Recurrent neural networks (RNNs)
The first step in sentence classification is to represent variable-length sentences using neural networks. In this section, I’m going to present the concept of recurrent neural networks (RNNs), one of the most important concepts in deep NLP. Many modern NLP models use RNNs in some way. I’ll explain why they’re important, what they do, and introduce their simplest variant.
Handling variable-length input
The Skip-gram network structure is simple. It takes a word vector of a fixed size, runs it through a linear layer, and obtains a distribution of scores over all the context words. The structure and the size of the input, output, and the network are all fixed throughout the training.
Many, if not most, of what we deal with in NLP are sequences of variable lengths. For example, words which are sequences of characters, can be short (“a”, “in”) or long (“internationalization”).
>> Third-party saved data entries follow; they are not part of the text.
(* Let $N'\ge2$ and let $\mu_1<0<\mu_2<\cdots<\mu_{N'}$ be real numbers. Let $\delta$ be a sufficiently small positive constant ($0<\delta\ll1$, in particular $\delta<\mu_2$) and let $0<a<1<b<c$ be constants. Define $$\bar x_1=\frac{b-1}{2b[-\mu_1+\delta]},\qquad \bar x_k(m)=\frac{\frac{c+m-1}{m}-a}{2a[\mu_k-\delta]}\quad(2\le k\le N',\ m\ge1).$$ Call admissible any choice of a nonempty set $S\subseteq\{2,\dots,N'\}$ with $m=|S|$, together with positive reals $x_1$ and $(x_k)_{k\in S}$ satisfying $x_1\le\bar x_1$ and $x_k\ge\bar x_k(m)$ for all $k\in S$; for such a choice set $\pi_1=\frac{x_1}{x_1+\sum_{k\in S}x_k}$. Then the maximum of $\pi_1$ over all admissible choices is $$\pi_1^*=\frac{\frac{b-1}{2b[-\mu_1+\delta]}}{\frac{b-1}{2b[-\mu_1+\delta]}+\frac{c-a}{2a[\mu_{N'}-\delta]}},$$ attained with $S=\{N'\}$, $x_1=\bar x_1$, $x_{N'}=\bar x_{N'}(1)$.
   Context: Setting: graphs $G_1,\dots,G_{N'}$ on a common node set with adjacency matrices $A_l$, constant cure probability $\beta$ and infection probability $\gamma$; configuration $\mathcal C_l=(G_l,\beta,\gamma)$, $\mu_l=\beta-\gamma\lambda_1(A_l)$ where $\lambda_1(A)$ is the eigenvalue of largest modulus. $\mathcal C_1$ violates the epidemic threshold ($\mu_1<0$); $\mathcal C_2,\dots,\mathcal C_{N'}$ are moving-target-defense-induced configurations satisfying it. The defender switches between $\mathcal C_1$ and the configurations $\mathcal C_k$, $k\in S$, by a continuous-time Markov chain with generator $Q$; $x_l=1/(-q_{ll})$ is the expected sojourn time in $\mathcal C_l$ and $\pi_l=x_l/\sum_p x_p$ the portion of time in $\mathcal C_l$. The bounds $x_1\le\bar x_1$, $x_k\ge\bar x_k(m)$ are exactly the sojourn-time conditions of a sufficient almost-sure convergence criterion (with one violating configuration and $m+1$ configurations in total), in which $\delta,a,b,c$ are constants such that there exist symmetric positive definite matrices $P_l$ with $aI<P_k<I$ for the satisfying configurations, $bI<P_1<cI$, and $\{P_l[\gamma A_l-\beta I]\}^s\le[\gamma\lambda_1(A_l)-\beta+\delta/2]P_l$. Thus $\pi_1^*$ is the maximal portion of time the system can stay in $\mathcal C_1$ under this criterion. *)

From mathcomp Require Import all_boot all_order all_algebra.
Set Implicit Arguments. Unset Strict Implicit. Unset Printing Implicit Defensive.
Import Order.TTheory GRing.Theory Num.Theory.
Local Open Scope ring_scope.

(* Configurations are indexed by naturals 1..N'; indices are taken in 'I_(N'.+1)
   (index 0 is unused). mu k = mu_k, x k = expected sojourn time x_k. *)

Definition xbar1 {R : realFieldType} (mu1 delta b : R) : R :=
  (b - 1) / (2 * b * (- mu1 + delta)).

Definition xbark {R : realFieldType} (muk delta a c : R) (m : nat) : R :=
  ((c + m%:R - 1) / m%:R - a) / (2 * a * (muk - delta)).

Definition pi1 {R : realFieldType} {N : nat} (S : {set 'I_N.+1}) (x : 'I_N.+1 -> R)
  (i1 : 'I_N.+1) : R :=
  x i1 / (x i1 + \sum_(k in S) x k).

Definition admissible {R : realFieldType} {N : nat} (mu : 'I_N.+1 -> R) (delta a b c : R)
  (i1 : 'I_N.+1) (S : {set 'I_N.+1}) (x : 'I_N.+1 -> R) : Prop :=
  [/\ S != set0,
      (forall k, k \in S -> (2 <= (k : nat))%N),
      0 < x i1 /\
      (forall k, k \in S -> 0 < x k),
      x i1 <= xbar1 (mu i1) delta b
    & (forall k, k \in S -> xbark (mu k) delta a c #|S| <= x k)].

From mathcomp Require Import all_boot all_order all_algebra.
From mathcomp Require Import ring lra.
Set Implicit Arguments. Unset Strict Implicit. Unset Printing Implicit Defensive.
Import Order.TTheory GRing.Theory Num.Theory.
Local Open Scope ring_scope.

(* pi_1 = x_1 / (x_1 + s) increases with x_1 and decreases with
   the sum s of the other sojourn times, so it suffices to bound s from below.
   Each x_k is at least xbar_k(m) >= xbar_N'(m) since mu_k <= mu_N', and
   m * xbar_N'(m) = (c + m - 1 - m a) / (2 a (mu_N' - delta)) is smallest at
   m = 1, because c + m - 1 - m a = (c - a) + (m - 1)(1 - a). *)

Lemma mu_nondecreasing (R : realFieldType) (N : nat) (mu : 'I_N.+1 -> R) :
  (forall k : 'I_N.+1, (2 <= k < N)%N -> mu k < mu (inord k.+1)) ->
  forall k l : 'I_N.+1, (2 <= k)%N -> (k <= l)%N -> mu k <= mu l.
Proof.
move=> mu_incr k [l l_lt] k_ge2; elim: l l_lt => [|l IHl] l_lt kl.
  by move: (leq_trans k_ge2 kl).
move: kl; rewrite leq_eqVlt => /predU1P[k_eq|kl].
  by rewrite (_ : k = Ordinal l_lt) //; apply: val_inj.
have l_lt' : (l < N.+1)%N := ltnW l_lt.
apply: le_trans (IHl l_lt' kl) _.
have -> : Ordinal l_lt = inord l.+1 by apply: val_inj; rewrite /= inordK.
by apply/ltW/mu_incr; rewrite /= (leq_trans k_ge2 kl).
Qed.

Lemma ratio_le (R : realFieldType) (x X s S : R) :
  0 < x -> x <= X -> 0 < S -> S <= s -> x / (x + s) <= X / (X + S).
Proof.
move=> x_gt0 xX S_gt0 Ss.
rewrite ler_pdivrMr; last by lra.
rewrite mulrAC ler_pdivlMr; last by lra.
nra.
Qed.

Lemma xbark1 (R : realFieldType) (mu delta a c : R) :
  xbark mu delta a c 1 = (c - a) / (2 * a * (mu - delta)).
Proof. by rewrite /xbark addrK divr1. Qed.

Section SojournBounds.

Variables (R : realFieldType) (delta a c : R).
Hypotheses (a_gt0 : 0 < a) (a_lt1 : a < 1) (a_lt_c : a < c).

Lemma xbark_numerator_gt0 (m : nat) : (0 < m)%N -> 0 < (c + m%:R - 1) / m%:R - a.
Proof.
move=> m_gt0; rewrite subr_gt0 ltr_pdivlMr ?ltr0n // -subr_gt0.
have -> : c + m%:R - 1 - a * m%:R = (c - a) + (m%:R - 1) * (1 - a) by ring.
by rewrite ltr_wpDr ?subr_gt0 // mulr_ge0 ?subr_ge0 ?ler1n // ltW.
Qed.

Lemma xbark_antitone (mu mu' : R) (m : nat) : (0 < m)%N ->
  delta < mu -> mu <= mu' -> xbark mu' delta a c m <= xbark mu delta a c m.
Proof.
move=> m_gt0 delta_mu mu_mu'.
rewrite /xbark ler_pM2l ?xbark_numerator_gt0 //.
rewrite lef_pV2 ?posrE ?mulr_gt0 ?subr_gt0 //; last exact: lt_le_trans mu_mu'.
rewrite ler_pM2l ?mulr_gt0 //; lra.
Qed.

Lemma xbark1_le_card_mul (mu : R) (m : nat) : (0 < m)%N -> delta < mu ->
  xbark mu delta a c 1 <= xbark mu delta a c m *+ m.
Proof.
move=> m_gt0 delta_mu; have m_ge1 : 1 <= (m%:R : R) by rewrite ler1n.
rewrite -mulr_natr xbark1 /xbark [X in _ <= X]mulrAC.
rewrite ler_pM2r ?invr_gt0 ?mulr_gt0 ?subr_gt0 // mulrBl divfK ?pnatr_eq0 -?lt0n //.
rewrite -subr_ge0.
have -> : c + m%:R - 1 - a * m%:R - (c - a) = (m%:R - 1) * (1 - a) by ring.
by rewrite mulr_ge0 ?subr_ge0 // ltW.
Qed.

End SojournBounds.

Lemma admissible_sum_ge (R : realFieldType) (N : nat) (mu : 'I_N.+1 -> R)
    (delta a b c : R) (S : {set 'I_N.+1}) (x : 'I_N.+1 -> R) :
  (forall k : 'I_N.+1, (2 <= k < N)%N -> mu k < mu (inord k.+1)) ->
  delta < mu (inord 2) -> 0 < a -> a < 1 -> a < c ->
  admissible mu delta a b c (inord 1) S x ->
  xbark (mu ord_max) delta a c 1 <= \sum_(k in S) x k.
Proof.
move=> mu_incr delta_mu2 a_gt0 a_lt1 a_lt_c [S_neq0 S_ge2 _ _ x_ge].
have m_gt0 : (0 < #|S|)%N by rewrite card_gt0.
have mu_max k : k \in S -> delta < mu k /\ mu k <= mu ord_max.
  move=> kS; have k_ge2 := S_ge2 k kS; split; last first.
    by apply: mu_nondecreasing; rewrite // -ltnS.
  have two_le_N : (2 < N.+1)%N by rewrite ltnS (leq_trans k_ge2) // -ltnS.
  by apply: lt_le_trans delta_mu2 (mu_nondecreasing mu_incr _ _); rewrite inordK.
have [k0 k0S] := set0Pn S S_neq0; have [delta_mu0 mu0_max] := mu_max k0 k0S.
have delta_max : delta < mu ord_max := lt_le_trans delta_mu0 mu0_max.
apply: le_trans (xbark1_le_card_mul c a_gt0 a_lt1 m_gt0 delta_max) _.
rewrite -sumr_const; apply: ler_sum => k kS; have [delta_mu mu_le] := mu_max k kS.
exact: le_trans (xbark_antitone a_gt0 a_lt1 a_lt_c m_gt0 delta_mu mu_le) (x_ge k kS).
Qed.

Theorem theorem5 (R : realFieldType) (N : nat) (hN : (2 <= N)%N)
  (mu : 'I_N.+1 -> R) (delta a b c : R)
  (mu1neg : mu (inord 1) < 0)
  (mu2pos : 0 < mu (inord 2))
  (mu_incr : forall k : 'I_N.+1, (2 <= (k : nat) < N)%N -> mu k < mu (inord k.+1))
  (hdelta0 : 0 < delta) (hdelta : delta < mu (inord 2))
  (ha0 : 0 < a) (ha1 : a < 1) (hb1 : 1 < b) (hbc : b < c) :
  let pistar := xbar1 (mu (inord 1)) delta b /
      (xbar1 (mu (inord 1)) delta b + (c - a) / (2 * a * (mu ord_max - delta))) in
  (forall (S : {set 'I_N.+1}) (x : 'I_N.+1 -> R),
      admissible mu delta a b c (inord 1) S x -> pi1 S x (inord 1) <= pistar)
  /\
  (let xopt := fun k : 'I_N.+1 =>
       if k == inord 1 then xbar1 (mu (inord 1)) delta b
       else xbark (mu ord_max) delta a c 1 in
   admissible mu delta a b c (inord 1) [set ord_max] xopt /\
   pi1 [set ord_max] xopt (inord 1) = pistar).
Proof.
have a_lt_c : a < c by lra.
have mu2_max : mu (inord 2) <= mu ord_max.
  by apply: mu_nondecreasing; rewrite ?inordK.
have xbar1_gt0 : 0 < xbar1 (mu (inord 1)) delta b.
  by rewrite /xbar1 divr_gt0 ?mulr_gt0; lra.
have xbarN_gt0 : 0 < xbark (mu ord_max) delta a c 1.
  by rewrite xbark1 divr_gt0 ?mulr_gt0; lra.
move=> pistar; split.
  move=> S x adm; have [_ _ [x1_gt0 _] x1_le _] := adm.
  rewrite /pi1 /pistar -xbark1; apply: ratio_le => //.
  exact: admissible_sum_ge adm.
move=> xopt.
have one_neq_max : inord 1 != ord_max :> 'I_N.+1.
  by rewrite -val_eqE /= inordK ?neq_ltn ?hN // ltnS ltnW.
have xopt_max : xopt ord_max = xbark (mu ord_max) delta a c 1.
  by rewrite /xopt eq_sym (negbTE one_neq_max).
have xopt1 : xopt (inord 1) = xbar1 (mu (inord 1)) delta b by rewrite /xopt eqxx.
split; last by rewrite /pi1 big_set1 xopt1 xopt_max xbark1.
split=> [||||k]; rewrite ?xopt1 //.
- by apply/set0Pn; exists ord_max; rewrite set11.
- by move=> k /set1P ->.
- by split=> // k /set1P ->; rewrite xopt_max.
- by move=> /set1P ->; rewrite cards1 xopt_max.
Qed.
Sentences (sequences of words) and documents (sequences of sentences) can be of any length. Even characters, if you look at them as sequences of strokes, can be simple (“O” and “L” in English) or more complex (for example, “鬱” is a Chinese character meaning “depression” which, depressingly, has twenty-nine strokes).
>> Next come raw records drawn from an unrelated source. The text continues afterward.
Lemma rep_normalized_odd J :
  rep (4 * J) (fun p => normalized p && (fst p mod 2 =? 1)) = rep_odd (4 * J).
Proof.
  apply rep_bij with abs2 (fun p => orient (flip_to_normal p)).
  - intros [X Y] Hp Hform. unfold normalized in Hp; cbn [fst snd] in Hp; unbool.
    destruct Hp as [[Hpos H2] HX].
    assert (HY : Y mod 2 = 1) by (Z.div_mod_to_equations; lia).
    assert (Hid : orient (X, Y) = (X, Y))
      by (apply orient_id; unfold normalized; cbn [fst snd]; unbool; auto).
    unfold abs2, flip_to_normal, odd_pos, form in *; cbn [fst snd] in *.
    destruct (Z.abs_spec X) as [[Xs ->] | [Xs ->]], (Z.abs_spec Y) as [[Ys ->] | [Ys ->]].
    + rewrite (proj2 (Z.eqb_eq ((X - Y) mod 4) 2)) by auto.
      repeat split; unbool; try assumption; try (Z.div_mod_to_equations; lia); nia.
    + rewrite (proj2 (Z.eqb_neq ((X - - Y) mod 4) 2)), Z.opp_involutive
        by (Z.div_mod_to_equations; lia).
      repeat split; unbool; try assumption; try (Z.div_mod_to_equations; lia); nia.
    + rewrite (proj2 (Z.eqb_neq ((- X - Y) mod 4) 2)) by (Z.div_mod_to_equations; lia).
      change (- X, - Y) with (neg (X, Y)). rewrite orient_neg by auto.
      repeat split; unbool; try assumption; try (Z.div_mod_to_equations; lia); nia.
    + rewrite (proj2 (Z.eqb_eq ((- X - - Y) mod 4) 2)) by (Z.div_mod_to_equations; lia).
      change (- X, - Y) with (neg (X, Y)). rewrite orient_neg by auto.
      repeat split; unbool; try assumption; try (Z.div_mod_to_equations; lia); nia.
  - intros [a b] Hp Hform. unfold odd_pos in Hp; cbn [fst snd] in Hp; unbool.
    destruct Hp as [[Ha Ha0] [Hb Hb0]].
    assert (Hc : exists c, flip_to_normal (a, b) = c /\ (fst c - snd c) mod 4 = 2 /\
                           (c = (a, b) \/ c = (a, - b))).
    { unfold flip_to_normal; cbn [fst snd]. destruct (Z.eqb_spec ((a - b) mod 4) 2).
      - eexists; eauto.
      - eexists; repeat split; eauto; cbn [fst snd]. Z.div_mod_to_equations; lia. }
    destruct Hc as (c & -> & Hc2 & Hcab).
    pose proof (orient_normalized c Hc2) as Hn.
    destruct (orient_sign c) as [E | E]; rewrite E in Hn |- *; rewrite Hn;
      unfold form, abs2, neg in *; cbn [fst snd] in *;
      destruct Hcab as [-> | ->]; cbn [fst snd] in *;
      repeat split; unbool; try (Z.div_mod_to_equations; lia); try nia; f_equal; lia.
Qed.

Theorem rep_odd_8_mixed J : rep_odd (8 * J) = (rep_mixed J + rep_odd (4 * J))%nat.
Proof.
  rewrite rep_odd_8_normalized, <- rep_normalized_even, <- rep_normalized_odd, <- rep_orb.
  - apply rep_ext. intros p _.
    destruct (normalized p); cbn; auto. destruct (Z.eqb_spec (fst p mod 2) 0); auto.
    symmetry. apply Z.eqb_eq. Z.div_mod_to_equations; lia.
  - intros p.
    destruct (normalized p), (Z.eqb_spec (fst p mod 2) 0), (Z.eqb_spec (fst p mod 2) 1); auto; lia.
Qed.

End BinaryForm.
(** * Coefficients of products of lacunary series *)

Section Coefficients.
Local Open Scope nat_scope.

Definition tri (n : nat) : nat := n * (n + 1) / 2.

Lemma double_tri n : 2 * tri n = n * (n + 1).
Proof.
  unfold tri. destruct (Nat.Even_or_Odd n) as [[k ->] | [k ->]].
  - replace (2 * k * (2 * k + 1)) with (k * (2 * k + 1) * 2) by lia.
    rewrite Nat.div_mul; lia.
  - replace ((2 * k + 1) * (2 * k + 1 + 1)) with ((2 * k + 1) * (k + 1) * 2) by lia.
    rewrite Nat.div_mul; lia.
Qed.

Lemma tri_Z n : (2 * Z.of_nat (tri n) = Z.of_nat n * (Z.of_nat n + 1))%Z.
Proof. pose proof (double_tri n). lia. Qed.

Lemma le_tri n : n <= tri n.
Proof. pose proof (double_tri n). nia. Qed.

Definition coeff (c : nat) (g h : nat -> nat) (N : nat) : nat :=
  countb (fun p => c + g (fst p) + h (snd p) =? N) (nat_box (S N)).

Lemma coeff_box c g h N K : (forall m, m <= g m) -> (forall n, n <= h n) -> N < K ->
  coeff c g h N = countb (fun p => c + g (fst p) + h (snd p) =? N) (nat_box K).
Proof.
  intros Hg Hh HK. apply countb_bij with (fun p => p) (fun p => p); try apply NoDup_nat_box;
    intros [m n] Hp; apply Nat.eqb_eq in Hp as Hp'; cbn [fst snd] in Hp';
    specialize (Hg m); specialize (Hh n); repeat split; auto; apply in_nat_box; lia.
Qed.

Lemma coeff_ext c g h N c' g' h' N' :
  (forall m, m <= g m) -> (forall n, n <= h n) -> (forall m, m <= g' m) -> (forall n, n <= h' n) ->
  (forall m n, c + g m + h n = N <-> c' + g' m + h' n = N') ->
  coeff c g h N = coeff c' g' h' N'.
Proof.
  intros Hg Hh Hg' Hh' E. apply countb_bij with (fun p => p) (fun p => p); try apply NoDup_nat_box;
    intros [m n] Hp; apply Nat.eqb_eq in Hp as Hp'; cbn [fst snd] in *;
    specialize (Hg m); specialize (Hh n); specialize (Hg' m); specialize (Hh' n);
    repeat split; try (apply in_nat_box; lia); apply Nat.eqb_eq, E, Hp'.
Qed.

Lemma coeff_double c g h g2 h2 K : (forall m, m <= g m) -> (forall n, n <= h n) ->
  (forall m, g2 m = 2 * g m) -> (forall n, h2 n = 2 * h n) ->
  coeff (2 * c + 1) g2 h2 (2 * K + 1) = coeff c g h K.
Proof.
  intros Hg Hh E2 F2. symmetry. apply coeff_ext; auto.
  - intros m. specialize (Hg m). rewrite E2. lia.
  - intros n. specialize (Hh n). rewrite F2. lia.
  - intros m n. rewrite E2, F2. lia.
Qed.

Lemma coeff_zero c g h N : (forall m n, c + g m + h n <> N) -> coeff c g h N = 0.
Proof. intros H. apply countb_false. intros [m n]. apply Nat.eqb_neq, H. Qed.

End Coefficients.

Section Encodings.
Local Open Scope Z_scope.

Definition enumerates (u : nat -> Z) (u' : Z -> nat) (U : Z -> bool) : Prop :=
  (forall m, U (u m) = true /\ u' (u m) = m) /\ (forall x, U x = true -> u (u' x) = x).

Lemma enumerates_odd_pos :
  enumerates (fun m => 2 * Z.of_nat m + 1) (fun x => Z.to_nat (x / 2)) odd_pos.
Proof.
  unfold odd_pos; split; [intros m | intros x Hx]; unbool; Z.div_mod_to_equations; lia.
Qed.

Lemma enumerates_even_nonneg :
  enumerates (fun m => 2 * Z.of_nat m) (fun x => Z.to_nat (x / 2)) even_nonneg.
Proof.
  unfold even_nonneg; split; [intros m | intros x Hx]; unbool; Z.div_mod_to_equations; lia.
Qed.

Lemma enumerates_even_neg :
  enumerates (fun m => - (2 * Z.of_nat m + 2)) (fun x => Z.to_nat (- x / 2 - 1)) even_neg.
Proof.
  unfold even_neg; split; [intros m | intros x Hx]; unbool; Z.div_mod_to_equations; lia.
Qed.

Lemma coeff_rep c g h N K u u' U v v' V :
  (forall m, (m <= g m)%nat) -> (forall n, (n <= h n)%nat) ->
  enumerates u u' U -> enumerates v v' V ->
  (forall m n, (c + g m + h n)%nat = N <-> form (u m, v n) = K) ->
  coeff c g h N = rep K (fun p => U (fst p) && V (snd p)).
Proof.
  intros Hg Hh [Hu Hu'] [Hv Hv'] E.
  apply countb_bij with (fun p => (u (fst p), v (snd p))) (fun p => (u' (fst p), v' (snd p)));
    try apply NoDup_nat_box; try apply NoDup_Z_box.
  - intros [m n] Hp; apply Nat.eqb_eq in Hp; cbn [fst snd] in *.
    destruct (Hu m) as [Um ->], (Hv n) as [Vn ->]. specialize (Hg m); specialize (Hh n).
    repeat split; [apply in_nat_box; lia |]. rewrite Um, Vn. apply Z.eqb_eq, E, Hp.
  - intros [x y] Hp; unbool; destruct Hp as [[Ux Vy] Hxy]; cbn [fst snd] in *.
    rewrite (Hu' x Ux), (Hv' y Vy). repeat split; auto using in_Z_box_form.
    apply Nat.eqb_eq, E. now rewrite (Hu' x Ux), (Hv' y Vy).
Qed.

End Encodings.

Ltac growth := intros k; cbv beta; pose proof (le_tri k); nia.

Ltac solve_coeff_rep :=
  [> growth | growth
  | intros m n; unfold form; cbn [fst snd]; pose proof (tri_Z m); pose proof (tri_Z n); nia].

Lemma coeff_psi_psi7 N : coeff 0 tri (fun n => 7 * tri n)%nat N = rep_odd (8 * Z.of_nat N + 8).
Proof.
  apply coeff_rep with (3 := enumerates_odd_pos) (4 := enumerates_odd_pos); solve_coeff_rep.
Qed.

Lemma coeff_q3_psi4_psi28 N :
  coeff 3 (fun m => 4 * tri m)%nat (fun n => 28 * tri n)%nat N = rep_odd (2 * Z.of_nat N + 2).
Proof.
  apply coeff_rep with (3 := enumerates_odd_pos) (4 := enumerates_odd_pos); solve_coeff_rep.
Qed.

Lemma even_split t : (t mod 2 =? 0)%Z = even_nonneg t || even_neg t.
Proof.
  unfold even_nonneg, even_neg.
  destruct (t mod 2 =? 0)%Z, (Z.leb_spec 0 t), (Z.ltb_spec t 0); auto; lia.
Qed.

Ltac disjoint_parities := intros [x y]; unfold odd_pos, even_nonneg, even_neg; cbn [fst snd];
  apply Bool.not_true_iff_false; intros H; unbool; Z.div_mod_to_equations; lia.

(* An even coordinate is either 2n or -2(n + 1) with n ≥ 0, matching the split of [rphi] into
   the terms of index n ≥ 0 and those of index -(n + 1). *)
Lemma rep_mixed_coeff N :
  rep_mixed (Z.of_nat N + 1) =
    (coeff 0 (fun m => 8 * tri m) (fun n => 28 * (n * n)) N
   + coeff 0 (fun m => 8 * tri m) (fun n => 28 * (S n * S n)) N
   + coeff 6 (fun m => 4 * (m * m)) (fun n => 56 * tri n) N
   + coeff 6 (fun m => 4 * (S m * S m)) (fun n => 56 * tri n) N)%nat.
Proof.
  transitivity (rep (Z.of_nat N + 1) (fun p =>
    odd_pos (fst p) && even_nonneg (snd p) || odd_pos (fst p) && even_neg (snd p)
    || even_nonneg (fst p) && odd_pos (snd p) || even_neg (fst p) && odd_pos (snd p))).
  { apply rep_ext. intros [x y] _. unfold mixed; cbn [fst snd]. rewrite !even_split.
    destruct (odd_pos x), (odd_pos y), (even_nonneg x), (even_neg x), (even_nonneg y), (even_neg y);
      reflexivity. }
  rewrite !rep_orb by disjoint_parities.
  repeat f_equal; symmetry.
  - apply coeff_rep with (3 := enumerates_odd_pos) (4 := enumerates_even_nonneg); solve_coeff_rep.
  - apply coeff_rep with (3 := enumerates_odd_pos) (4 := enumerates_even_neg); solve_coeff_rep.
  - apply coeff_rep with (3 := enumerates_even_nonneg) (4 := enumerates_odd_pos); solve_coeff_rep.
  - apply coeff_rep with (3 := enumerates_even_neg) (4 := enumerates_odd_pos); solve_coeff_rep.
Qed.

Theorem coeff_identity N :
  coeff 0 tri (fun n => 7 * tri n)%nat N =
   (coeff 0 (fun m => 8 * tri m) (fun n => 28 * (n * n)) N
  + coeff 0 (fun m => 8 * tri m) (fun n => 28 * (S n * S n)) N
  + coeff 6 (fun m => 4 * (m * m)) (fun n => 56 * tri n) N
  + coeff 6 (fun m => 4 * (S m * S m)) (fun n => 56 * tri n) N
  + coeff 1 (fun m => 16 * tri m) (fun n => 56 * (n * n)) N
  + coeff 1 (fun m => 16 * tri m) (fun n => 56 * (S n * S n)) N
  + coeff 3 (fun m => 4 * tri m) (fun n => 28 * tri n) N
  + coeff 13 (fun m => 8 * (m * m)) (fun n => 112 * tri n) N
  + coeff 13 (fun m => 8 * (S m * S m)) (fun n => 112 * tri n) N)%nat.
Proof.
  rewrite coeff_psi_psi7, coeff_q3_psi4_psi28.
  replace (8 * Z.of_nat N + 8)%Z with (8 * (Z.of_nat N + 1))%Z by lia.
  rewrite rep_odd_8_mixed, rep_mixed_coeff.
  destruct (Nat.Even_or_Odd N) as [[K ->] | [K ->]].
  - rewrite !(coeff_zero 1), !(coeff_zero 13) by (intros; lia).
    rewrite !rep_odd_zero by (Z.div_mod_to_equations; lia).
    lia.
  - replace (4 * (Z.of_nat (2 * K + 1) + 1))%Z with (8 * (Z.of_nat K + 1))%Z by lia.
    replace (2 * Z.of_nat (2 * K + 1) + 2)%Z with (4 * (Z.of_nat K + 1))%Z by lia.
    rewrite rep_odd_8_mixed, rep_mixed_coeff.
    rewrite (coeff_double 0 (fun m => 8 * tri m)%nat (fun n => 28 * (n * n))%nat),
      (coeff_double 0 (fun m => 8 * tri m)%nat (fun n => 28 * (S n * S n))%nat),
      (coeff_double 6 (fun m => 4 * (m * m))%nat (fun n => 56 * tri n)%nat),
      (coeff_double 6 (fun m => 4 * (S m * S m))%nat (fun n => 56 * tri n)%nat)
      by growth.
    lia.
Qed.

(** * Convergence *)

(* Coquelicot states these for an abstract ring or monoid; restated with equality at type [C]
   (or [R]), they can be used by [rewrite] and [ring] on concrete sums. *)
Lemma Csum_Sn (a : nat -> C) n : sum_n a (S n) = sum_n a n + a (S n).
Proof. exact (sum_Sn a n). Qed.

Lemma Csum_ext (a b : nat -> C) n : (forall k, a k = b k) -> @eq C (sum_n a n) (sum_n b n).
Proof. apply sum_n_ext. Qed.

Lemma Csum_mult_l (a : C) (u : nat -> C) n :
  @eq C (a * sum_n u n) (sum_n (fun k => a * u k) n).
Proof. symmetry. exact (sum_n_mult_l a u n). Qed.

Lemma Csum_mult_r (a : C) (u : nat -> C) n :
  @eq C (sum_n u n * a) (sum_n (fun k => u k * a) n).
Proof. symmetry. exact (sum_n_mult_r a u n). Qed.

Lemma Csum_plus (u v : nat -> C) n :
  @eq C (sum_n (fun k => u k + v k) n) (sum_n u n + sum_n v n).
Proof. exact (sum_n_plus u v n). Qed.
Neural networks can only handle numbers and arithmetic operations. This is the reason we need to convert words and documents to numbers through embeddings. Linear layers convert a fixed-length vector to another, but in order to do something similar with variable-lengths inputs, we need to figure out how to structure the neural networks to handle them.
One idea is to first convert the input (for example, a sequence of words) to embeddings, which is a sequence of vectors of floating-point numbers, and then average them. Let’s assume the input sentence is sentence = ["john", "loves", "mary", "."]
and you already know word embeddings for each word in the sentence v("john")
, v("loves")
, etc. The average can be obtained by:
result = (v("john") + v("loves") + v("mary") + v(".")) / 4
This method is quite simple and it’s used in many NLP applications, but it has one critical issue, which is that it can’t take word order into account. Because the order of input elements doesn’t affect the result of averaging, you’d get the same vector for both “Mary loves John” and “John loves Mary.” Although it’s up to the task in hand, it’s hard to imagine many NLP applications wanting this kind of behavior.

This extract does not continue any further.